(Collected data entries)
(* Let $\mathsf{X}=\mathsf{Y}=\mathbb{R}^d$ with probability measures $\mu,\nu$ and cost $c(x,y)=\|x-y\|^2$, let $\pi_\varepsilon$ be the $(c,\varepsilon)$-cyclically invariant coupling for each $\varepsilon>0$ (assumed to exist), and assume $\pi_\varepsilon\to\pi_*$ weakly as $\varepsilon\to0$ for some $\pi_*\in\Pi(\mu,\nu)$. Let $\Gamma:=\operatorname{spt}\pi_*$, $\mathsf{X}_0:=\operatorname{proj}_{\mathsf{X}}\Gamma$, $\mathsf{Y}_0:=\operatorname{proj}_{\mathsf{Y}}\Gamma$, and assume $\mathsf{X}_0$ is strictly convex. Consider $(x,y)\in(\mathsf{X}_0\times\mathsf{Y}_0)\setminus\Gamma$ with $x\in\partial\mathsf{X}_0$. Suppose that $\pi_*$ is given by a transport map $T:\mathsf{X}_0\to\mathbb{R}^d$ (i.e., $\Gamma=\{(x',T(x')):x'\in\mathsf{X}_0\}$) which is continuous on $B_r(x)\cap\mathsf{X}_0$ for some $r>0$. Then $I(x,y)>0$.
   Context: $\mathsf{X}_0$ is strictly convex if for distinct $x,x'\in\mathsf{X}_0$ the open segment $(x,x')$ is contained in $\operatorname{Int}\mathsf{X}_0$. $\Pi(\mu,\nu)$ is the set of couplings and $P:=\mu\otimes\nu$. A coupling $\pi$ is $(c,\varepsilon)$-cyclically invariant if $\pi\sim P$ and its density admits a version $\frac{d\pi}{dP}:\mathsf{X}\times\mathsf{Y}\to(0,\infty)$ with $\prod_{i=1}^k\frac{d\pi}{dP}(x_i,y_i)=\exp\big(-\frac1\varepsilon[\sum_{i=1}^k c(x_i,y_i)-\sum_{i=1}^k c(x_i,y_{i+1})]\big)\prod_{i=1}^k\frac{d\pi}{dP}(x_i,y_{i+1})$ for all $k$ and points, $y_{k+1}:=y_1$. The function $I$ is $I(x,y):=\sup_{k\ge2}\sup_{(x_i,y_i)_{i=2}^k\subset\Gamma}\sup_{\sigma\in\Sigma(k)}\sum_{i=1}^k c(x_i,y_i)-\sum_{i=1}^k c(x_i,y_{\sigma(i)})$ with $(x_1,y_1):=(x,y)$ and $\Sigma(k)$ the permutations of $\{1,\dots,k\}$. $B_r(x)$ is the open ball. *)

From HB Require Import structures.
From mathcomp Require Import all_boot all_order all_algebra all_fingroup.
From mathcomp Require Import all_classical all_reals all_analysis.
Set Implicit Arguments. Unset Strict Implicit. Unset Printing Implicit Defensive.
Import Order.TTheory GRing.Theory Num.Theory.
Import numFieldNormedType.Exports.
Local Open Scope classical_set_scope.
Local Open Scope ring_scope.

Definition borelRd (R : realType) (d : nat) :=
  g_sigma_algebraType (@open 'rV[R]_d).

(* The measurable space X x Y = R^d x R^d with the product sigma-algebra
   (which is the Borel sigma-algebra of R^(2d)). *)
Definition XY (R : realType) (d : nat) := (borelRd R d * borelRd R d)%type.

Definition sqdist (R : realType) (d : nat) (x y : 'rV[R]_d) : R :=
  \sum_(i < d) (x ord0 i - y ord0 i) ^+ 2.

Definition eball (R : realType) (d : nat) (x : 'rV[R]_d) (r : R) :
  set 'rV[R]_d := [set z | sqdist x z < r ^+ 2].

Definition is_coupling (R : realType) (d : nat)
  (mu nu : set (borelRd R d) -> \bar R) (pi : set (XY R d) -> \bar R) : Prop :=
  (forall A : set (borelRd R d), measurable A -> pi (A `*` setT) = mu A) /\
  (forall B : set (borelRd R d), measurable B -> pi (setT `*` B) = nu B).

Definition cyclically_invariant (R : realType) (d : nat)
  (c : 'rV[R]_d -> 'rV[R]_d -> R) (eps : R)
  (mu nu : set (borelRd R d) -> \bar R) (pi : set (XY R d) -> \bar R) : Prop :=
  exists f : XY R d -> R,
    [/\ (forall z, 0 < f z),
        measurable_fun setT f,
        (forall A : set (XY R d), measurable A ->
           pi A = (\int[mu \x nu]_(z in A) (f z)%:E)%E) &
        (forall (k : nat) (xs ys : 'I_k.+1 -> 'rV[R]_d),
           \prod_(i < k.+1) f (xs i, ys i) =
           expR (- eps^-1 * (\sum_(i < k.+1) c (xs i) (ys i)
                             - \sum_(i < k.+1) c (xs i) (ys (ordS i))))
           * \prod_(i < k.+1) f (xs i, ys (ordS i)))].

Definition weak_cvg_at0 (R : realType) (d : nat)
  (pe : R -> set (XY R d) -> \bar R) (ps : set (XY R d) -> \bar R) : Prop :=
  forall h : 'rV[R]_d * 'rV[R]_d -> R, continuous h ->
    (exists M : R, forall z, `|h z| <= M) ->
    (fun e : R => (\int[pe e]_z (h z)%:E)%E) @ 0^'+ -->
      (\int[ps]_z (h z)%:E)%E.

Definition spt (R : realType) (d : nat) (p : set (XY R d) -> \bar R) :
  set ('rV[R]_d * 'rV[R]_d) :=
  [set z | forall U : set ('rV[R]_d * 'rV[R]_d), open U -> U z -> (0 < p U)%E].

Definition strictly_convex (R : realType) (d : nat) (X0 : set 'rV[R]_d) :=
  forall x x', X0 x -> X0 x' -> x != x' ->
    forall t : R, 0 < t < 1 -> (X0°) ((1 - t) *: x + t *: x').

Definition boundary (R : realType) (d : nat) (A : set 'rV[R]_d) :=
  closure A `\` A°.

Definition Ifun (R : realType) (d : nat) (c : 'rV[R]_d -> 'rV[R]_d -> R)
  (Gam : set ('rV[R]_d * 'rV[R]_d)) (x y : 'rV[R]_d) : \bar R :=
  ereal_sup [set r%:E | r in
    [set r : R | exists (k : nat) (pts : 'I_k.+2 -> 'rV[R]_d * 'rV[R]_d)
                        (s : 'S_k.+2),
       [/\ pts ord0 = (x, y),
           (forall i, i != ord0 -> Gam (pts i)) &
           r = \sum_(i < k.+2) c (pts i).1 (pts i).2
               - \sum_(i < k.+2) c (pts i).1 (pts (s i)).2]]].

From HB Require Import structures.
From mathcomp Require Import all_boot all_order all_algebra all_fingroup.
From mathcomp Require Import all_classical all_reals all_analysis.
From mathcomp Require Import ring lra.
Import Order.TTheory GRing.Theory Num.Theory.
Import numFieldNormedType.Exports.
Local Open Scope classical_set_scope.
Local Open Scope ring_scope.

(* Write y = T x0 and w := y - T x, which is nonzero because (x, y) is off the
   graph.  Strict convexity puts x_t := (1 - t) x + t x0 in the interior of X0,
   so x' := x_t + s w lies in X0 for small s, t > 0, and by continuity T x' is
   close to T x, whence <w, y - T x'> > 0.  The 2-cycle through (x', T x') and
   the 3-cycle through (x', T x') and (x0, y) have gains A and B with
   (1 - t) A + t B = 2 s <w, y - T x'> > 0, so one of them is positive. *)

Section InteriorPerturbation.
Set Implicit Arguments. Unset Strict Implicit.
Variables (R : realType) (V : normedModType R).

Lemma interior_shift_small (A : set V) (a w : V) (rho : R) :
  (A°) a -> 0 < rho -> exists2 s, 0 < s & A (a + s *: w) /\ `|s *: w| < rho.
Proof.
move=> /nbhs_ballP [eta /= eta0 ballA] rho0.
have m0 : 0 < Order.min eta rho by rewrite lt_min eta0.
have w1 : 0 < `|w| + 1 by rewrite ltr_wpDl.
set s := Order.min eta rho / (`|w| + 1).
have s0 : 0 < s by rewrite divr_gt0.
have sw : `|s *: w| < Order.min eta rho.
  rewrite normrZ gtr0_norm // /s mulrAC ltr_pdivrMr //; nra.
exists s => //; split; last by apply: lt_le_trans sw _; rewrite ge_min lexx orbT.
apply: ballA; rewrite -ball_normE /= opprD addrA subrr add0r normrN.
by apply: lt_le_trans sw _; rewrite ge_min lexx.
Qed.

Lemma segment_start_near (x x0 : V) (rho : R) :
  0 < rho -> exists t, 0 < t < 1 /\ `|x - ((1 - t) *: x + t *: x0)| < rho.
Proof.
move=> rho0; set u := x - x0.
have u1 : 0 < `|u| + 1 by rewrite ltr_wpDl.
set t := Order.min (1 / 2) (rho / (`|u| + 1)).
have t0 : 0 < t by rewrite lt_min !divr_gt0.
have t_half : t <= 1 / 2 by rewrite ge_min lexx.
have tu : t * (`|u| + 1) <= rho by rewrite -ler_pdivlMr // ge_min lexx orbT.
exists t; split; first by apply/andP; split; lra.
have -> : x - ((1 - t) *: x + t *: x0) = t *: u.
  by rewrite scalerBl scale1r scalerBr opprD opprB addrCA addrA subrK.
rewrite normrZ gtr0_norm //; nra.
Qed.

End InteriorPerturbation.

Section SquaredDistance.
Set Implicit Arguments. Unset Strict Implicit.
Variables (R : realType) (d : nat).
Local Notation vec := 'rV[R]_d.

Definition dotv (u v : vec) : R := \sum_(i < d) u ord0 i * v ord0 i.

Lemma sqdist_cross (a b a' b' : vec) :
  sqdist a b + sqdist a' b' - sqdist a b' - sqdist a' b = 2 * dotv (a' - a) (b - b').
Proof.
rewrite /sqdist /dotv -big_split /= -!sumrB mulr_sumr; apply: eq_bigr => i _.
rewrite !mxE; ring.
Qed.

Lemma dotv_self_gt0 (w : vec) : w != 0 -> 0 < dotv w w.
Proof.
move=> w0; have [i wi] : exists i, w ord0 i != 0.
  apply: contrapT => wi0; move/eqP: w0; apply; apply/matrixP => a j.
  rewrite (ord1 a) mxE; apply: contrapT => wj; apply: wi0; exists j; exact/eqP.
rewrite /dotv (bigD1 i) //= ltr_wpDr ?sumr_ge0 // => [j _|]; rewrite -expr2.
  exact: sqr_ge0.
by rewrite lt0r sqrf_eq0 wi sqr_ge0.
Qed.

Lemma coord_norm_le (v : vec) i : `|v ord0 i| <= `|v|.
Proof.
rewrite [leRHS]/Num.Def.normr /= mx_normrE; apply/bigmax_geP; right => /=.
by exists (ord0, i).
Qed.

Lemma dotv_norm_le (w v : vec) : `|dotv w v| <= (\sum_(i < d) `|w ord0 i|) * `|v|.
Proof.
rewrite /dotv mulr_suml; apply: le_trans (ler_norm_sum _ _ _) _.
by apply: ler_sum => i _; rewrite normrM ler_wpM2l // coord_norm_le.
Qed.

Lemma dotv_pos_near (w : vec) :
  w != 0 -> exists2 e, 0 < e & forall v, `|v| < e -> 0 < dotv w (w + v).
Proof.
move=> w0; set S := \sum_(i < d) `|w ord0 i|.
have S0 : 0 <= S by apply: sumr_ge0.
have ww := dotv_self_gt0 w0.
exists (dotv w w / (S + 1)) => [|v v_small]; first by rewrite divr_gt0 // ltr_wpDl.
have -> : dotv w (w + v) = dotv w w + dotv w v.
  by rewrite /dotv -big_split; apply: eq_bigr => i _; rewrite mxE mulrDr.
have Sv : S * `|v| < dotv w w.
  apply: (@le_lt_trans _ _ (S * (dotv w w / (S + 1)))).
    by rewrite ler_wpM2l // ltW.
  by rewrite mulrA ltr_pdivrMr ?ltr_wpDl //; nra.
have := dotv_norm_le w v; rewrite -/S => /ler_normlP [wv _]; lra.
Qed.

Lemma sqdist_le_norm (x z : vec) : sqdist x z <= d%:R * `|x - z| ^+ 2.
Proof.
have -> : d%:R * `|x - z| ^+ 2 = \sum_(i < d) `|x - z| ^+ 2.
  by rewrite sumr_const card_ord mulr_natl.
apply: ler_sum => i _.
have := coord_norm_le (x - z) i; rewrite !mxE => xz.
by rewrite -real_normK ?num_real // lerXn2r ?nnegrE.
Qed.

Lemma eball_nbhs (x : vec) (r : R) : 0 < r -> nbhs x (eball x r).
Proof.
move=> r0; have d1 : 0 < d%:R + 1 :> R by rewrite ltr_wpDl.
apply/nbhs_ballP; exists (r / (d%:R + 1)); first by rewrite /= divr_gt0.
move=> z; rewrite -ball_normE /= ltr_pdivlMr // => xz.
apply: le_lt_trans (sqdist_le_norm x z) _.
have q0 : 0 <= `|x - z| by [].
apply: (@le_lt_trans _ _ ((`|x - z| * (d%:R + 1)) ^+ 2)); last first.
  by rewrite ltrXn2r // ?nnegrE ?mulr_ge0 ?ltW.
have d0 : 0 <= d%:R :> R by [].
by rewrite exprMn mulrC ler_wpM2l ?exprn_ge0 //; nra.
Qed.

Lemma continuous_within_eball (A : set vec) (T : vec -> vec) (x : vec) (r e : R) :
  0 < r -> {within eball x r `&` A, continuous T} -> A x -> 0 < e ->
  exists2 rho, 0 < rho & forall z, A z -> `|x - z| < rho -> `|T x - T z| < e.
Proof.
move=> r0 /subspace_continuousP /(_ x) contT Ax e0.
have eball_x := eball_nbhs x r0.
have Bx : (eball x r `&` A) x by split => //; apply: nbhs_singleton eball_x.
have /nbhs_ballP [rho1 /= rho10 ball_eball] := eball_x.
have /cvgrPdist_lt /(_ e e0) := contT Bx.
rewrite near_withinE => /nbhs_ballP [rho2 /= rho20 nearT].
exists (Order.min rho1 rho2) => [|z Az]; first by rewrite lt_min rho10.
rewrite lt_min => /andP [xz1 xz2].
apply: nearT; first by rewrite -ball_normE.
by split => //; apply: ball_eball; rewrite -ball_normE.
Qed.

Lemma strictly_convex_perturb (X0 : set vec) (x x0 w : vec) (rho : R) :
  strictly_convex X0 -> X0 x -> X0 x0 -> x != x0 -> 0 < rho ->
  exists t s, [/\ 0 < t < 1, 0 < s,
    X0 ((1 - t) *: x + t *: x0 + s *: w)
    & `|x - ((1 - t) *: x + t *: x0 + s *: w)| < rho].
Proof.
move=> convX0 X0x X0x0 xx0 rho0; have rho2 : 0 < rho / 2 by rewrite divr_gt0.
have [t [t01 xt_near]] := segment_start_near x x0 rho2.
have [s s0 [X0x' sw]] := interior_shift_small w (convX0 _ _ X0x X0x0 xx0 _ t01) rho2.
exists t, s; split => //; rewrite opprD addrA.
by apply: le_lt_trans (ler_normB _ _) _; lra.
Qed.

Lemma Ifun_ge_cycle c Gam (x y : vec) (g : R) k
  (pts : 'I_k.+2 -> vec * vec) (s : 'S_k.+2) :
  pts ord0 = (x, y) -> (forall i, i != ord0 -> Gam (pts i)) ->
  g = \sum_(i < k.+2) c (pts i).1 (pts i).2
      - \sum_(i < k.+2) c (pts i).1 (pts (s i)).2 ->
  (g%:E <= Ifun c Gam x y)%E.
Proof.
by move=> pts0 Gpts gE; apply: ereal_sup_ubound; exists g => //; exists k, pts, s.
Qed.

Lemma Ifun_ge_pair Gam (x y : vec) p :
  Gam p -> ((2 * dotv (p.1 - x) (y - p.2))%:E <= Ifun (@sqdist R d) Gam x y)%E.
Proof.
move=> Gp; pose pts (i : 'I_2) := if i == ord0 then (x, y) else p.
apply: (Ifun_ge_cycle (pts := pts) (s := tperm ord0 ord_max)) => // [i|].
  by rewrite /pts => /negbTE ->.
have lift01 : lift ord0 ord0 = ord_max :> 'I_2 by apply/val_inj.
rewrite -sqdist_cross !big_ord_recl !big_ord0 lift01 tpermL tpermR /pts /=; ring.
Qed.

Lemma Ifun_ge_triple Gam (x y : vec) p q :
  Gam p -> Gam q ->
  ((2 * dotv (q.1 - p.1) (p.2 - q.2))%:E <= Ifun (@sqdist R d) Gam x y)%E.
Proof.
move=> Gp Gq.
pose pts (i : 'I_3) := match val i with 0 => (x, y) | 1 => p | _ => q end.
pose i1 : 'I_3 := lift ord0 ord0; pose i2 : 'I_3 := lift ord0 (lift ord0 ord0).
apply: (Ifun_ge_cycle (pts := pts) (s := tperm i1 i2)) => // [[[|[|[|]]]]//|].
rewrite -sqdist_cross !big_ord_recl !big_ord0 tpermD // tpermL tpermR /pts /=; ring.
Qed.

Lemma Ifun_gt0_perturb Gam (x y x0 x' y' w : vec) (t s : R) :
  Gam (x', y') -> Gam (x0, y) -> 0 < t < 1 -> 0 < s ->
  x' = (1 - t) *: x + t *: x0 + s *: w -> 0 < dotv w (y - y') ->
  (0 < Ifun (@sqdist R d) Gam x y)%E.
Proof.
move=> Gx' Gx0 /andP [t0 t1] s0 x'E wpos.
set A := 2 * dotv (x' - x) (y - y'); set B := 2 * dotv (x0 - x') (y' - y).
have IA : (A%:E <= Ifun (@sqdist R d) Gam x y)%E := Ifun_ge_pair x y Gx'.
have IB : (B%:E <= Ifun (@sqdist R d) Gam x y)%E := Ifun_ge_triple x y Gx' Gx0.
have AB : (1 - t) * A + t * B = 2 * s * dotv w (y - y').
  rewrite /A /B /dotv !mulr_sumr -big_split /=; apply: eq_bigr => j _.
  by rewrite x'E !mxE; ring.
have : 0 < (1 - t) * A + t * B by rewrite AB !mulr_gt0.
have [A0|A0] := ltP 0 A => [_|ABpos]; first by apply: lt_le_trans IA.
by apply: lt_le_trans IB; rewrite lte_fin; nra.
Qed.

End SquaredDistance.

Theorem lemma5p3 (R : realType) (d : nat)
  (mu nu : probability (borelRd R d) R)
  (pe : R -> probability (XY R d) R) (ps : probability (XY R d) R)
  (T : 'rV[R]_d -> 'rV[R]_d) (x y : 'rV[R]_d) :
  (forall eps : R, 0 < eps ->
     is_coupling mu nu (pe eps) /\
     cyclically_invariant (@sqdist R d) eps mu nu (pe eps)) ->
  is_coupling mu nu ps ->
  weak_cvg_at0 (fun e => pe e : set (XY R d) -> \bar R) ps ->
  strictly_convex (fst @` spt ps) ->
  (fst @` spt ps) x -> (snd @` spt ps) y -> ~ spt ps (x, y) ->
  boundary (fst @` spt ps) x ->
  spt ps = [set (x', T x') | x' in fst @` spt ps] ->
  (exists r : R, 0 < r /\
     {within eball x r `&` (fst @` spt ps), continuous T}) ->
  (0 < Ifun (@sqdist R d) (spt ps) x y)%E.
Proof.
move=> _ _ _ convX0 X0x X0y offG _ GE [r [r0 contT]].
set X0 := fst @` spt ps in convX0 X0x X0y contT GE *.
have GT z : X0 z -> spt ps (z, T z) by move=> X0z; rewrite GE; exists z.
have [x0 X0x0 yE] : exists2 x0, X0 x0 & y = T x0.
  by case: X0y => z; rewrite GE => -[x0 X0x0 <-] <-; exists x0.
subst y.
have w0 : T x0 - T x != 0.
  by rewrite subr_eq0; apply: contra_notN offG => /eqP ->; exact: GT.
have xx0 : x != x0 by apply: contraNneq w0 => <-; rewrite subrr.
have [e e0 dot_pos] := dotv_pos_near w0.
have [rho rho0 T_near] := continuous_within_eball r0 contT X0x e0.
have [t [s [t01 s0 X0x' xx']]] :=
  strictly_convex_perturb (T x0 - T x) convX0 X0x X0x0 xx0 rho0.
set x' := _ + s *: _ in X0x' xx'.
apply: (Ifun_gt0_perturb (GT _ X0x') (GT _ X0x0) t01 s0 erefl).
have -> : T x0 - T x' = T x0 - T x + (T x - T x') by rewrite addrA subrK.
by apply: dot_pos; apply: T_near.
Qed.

How to complete this task:
State the number of lines in the data that include the string "andP", and add nothing else.

Solution to the problem:
3